### EXERCISE DIRECTIONS
Below are the records; copy out every line that holds the word "colon".

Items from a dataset
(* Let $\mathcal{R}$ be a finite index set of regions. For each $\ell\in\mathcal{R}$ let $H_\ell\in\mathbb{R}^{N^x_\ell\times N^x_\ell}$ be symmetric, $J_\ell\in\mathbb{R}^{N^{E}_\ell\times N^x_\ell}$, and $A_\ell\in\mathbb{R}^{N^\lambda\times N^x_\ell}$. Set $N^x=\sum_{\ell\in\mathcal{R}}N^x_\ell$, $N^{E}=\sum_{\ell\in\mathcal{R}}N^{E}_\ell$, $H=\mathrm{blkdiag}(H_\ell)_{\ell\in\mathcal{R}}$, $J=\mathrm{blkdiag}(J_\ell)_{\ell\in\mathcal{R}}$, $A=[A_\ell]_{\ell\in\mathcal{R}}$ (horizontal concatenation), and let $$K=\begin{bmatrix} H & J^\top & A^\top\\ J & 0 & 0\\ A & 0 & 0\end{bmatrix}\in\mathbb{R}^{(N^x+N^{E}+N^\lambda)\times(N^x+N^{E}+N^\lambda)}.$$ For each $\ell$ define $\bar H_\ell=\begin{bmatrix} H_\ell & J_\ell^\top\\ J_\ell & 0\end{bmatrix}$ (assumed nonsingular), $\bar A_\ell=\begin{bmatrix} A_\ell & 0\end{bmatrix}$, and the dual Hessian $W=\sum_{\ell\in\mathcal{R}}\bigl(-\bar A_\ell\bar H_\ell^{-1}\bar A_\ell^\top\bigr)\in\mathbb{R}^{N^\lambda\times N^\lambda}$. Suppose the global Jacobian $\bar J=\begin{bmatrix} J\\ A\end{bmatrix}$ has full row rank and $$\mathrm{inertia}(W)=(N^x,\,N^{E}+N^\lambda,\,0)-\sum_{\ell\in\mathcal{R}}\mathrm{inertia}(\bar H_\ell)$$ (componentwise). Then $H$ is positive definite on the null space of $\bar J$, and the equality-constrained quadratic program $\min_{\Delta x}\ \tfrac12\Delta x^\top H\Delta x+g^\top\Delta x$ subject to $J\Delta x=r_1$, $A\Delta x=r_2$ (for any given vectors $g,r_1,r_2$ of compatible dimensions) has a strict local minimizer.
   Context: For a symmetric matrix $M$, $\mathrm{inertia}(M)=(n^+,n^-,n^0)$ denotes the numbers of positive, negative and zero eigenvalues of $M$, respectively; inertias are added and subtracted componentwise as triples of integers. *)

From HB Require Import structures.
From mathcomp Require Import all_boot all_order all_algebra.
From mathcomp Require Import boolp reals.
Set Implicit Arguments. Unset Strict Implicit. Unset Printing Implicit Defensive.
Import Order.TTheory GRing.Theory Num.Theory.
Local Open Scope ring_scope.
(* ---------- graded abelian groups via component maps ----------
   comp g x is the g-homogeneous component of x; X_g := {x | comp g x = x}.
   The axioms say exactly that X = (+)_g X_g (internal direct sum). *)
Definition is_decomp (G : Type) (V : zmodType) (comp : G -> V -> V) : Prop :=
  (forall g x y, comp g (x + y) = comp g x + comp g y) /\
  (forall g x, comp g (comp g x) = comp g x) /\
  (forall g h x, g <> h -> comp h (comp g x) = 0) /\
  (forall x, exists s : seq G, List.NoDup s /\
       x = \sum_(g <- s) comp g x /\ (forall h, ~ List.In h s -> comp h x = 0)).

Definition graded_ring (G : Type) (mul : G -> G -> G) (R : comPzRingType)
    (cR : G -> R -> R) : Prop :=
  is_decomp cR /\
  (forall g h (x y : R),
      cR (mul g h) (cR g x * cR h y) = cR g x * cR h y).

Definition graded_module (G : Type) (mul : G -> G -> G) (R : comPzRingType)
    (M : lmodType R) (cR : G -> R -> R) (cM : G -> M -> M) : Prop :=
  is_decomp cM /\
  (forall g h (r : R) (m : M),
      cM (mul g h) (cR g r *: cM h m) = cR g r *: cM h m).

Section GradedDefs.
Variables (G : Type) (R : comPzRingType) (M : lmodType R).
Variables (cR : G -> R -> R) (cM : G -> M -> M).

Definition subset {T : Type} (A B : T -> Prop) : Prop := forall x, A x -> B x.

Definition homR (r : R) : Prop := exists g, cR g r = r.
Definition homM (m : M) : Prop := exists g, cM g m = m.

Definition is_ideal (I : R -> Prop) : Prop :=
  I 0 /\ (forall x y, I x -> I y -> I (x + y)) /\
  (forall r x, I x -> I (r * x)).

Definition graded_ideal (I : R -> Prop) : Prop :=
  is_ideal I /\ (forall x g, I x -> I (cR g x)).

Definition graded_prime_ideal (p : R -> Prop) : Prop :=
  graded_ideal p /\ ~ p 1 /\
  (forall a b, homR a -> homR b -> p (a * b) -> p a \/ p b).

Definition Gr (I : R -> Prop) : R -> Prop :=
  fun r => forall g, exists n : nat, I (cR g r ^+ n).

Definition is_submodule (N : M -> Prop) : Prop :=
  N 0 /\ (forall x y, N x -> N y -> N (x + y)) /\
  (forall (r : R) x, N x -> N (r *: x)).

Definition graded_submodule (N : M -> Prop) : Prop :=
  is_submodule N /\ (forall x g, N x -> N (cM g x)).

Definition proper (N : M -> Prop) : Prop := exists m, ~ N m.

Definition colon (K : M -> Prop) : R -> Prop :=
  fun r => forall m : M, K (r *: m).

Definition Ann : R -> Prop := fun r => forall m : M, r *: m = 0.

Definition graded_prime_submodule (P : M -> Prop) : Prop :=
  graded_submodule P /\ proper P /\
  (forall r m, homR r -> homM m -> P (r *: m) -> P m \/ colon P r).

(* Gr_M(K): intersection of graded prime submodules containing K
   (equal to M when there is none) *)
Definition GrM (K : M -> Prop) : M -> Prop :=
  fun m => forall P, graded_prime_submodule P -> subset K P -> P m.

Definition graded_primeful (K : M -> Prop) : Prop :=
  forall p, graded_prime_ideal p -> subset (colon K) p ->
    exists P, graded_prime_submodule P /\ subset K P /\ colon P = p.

### RESPONSE TO THIS TASK
Definition colon (K : M -> Prop) : R -> Prop :=
  (forall r m, homR r -> homM m -> P (r *: m) -> P m \/ colon P r).
  forall p, graded_prime_ideal p -> subset (colon K) p ->
    exists P, graded_prime_submodule P /\ subset K P /\ colon P = p.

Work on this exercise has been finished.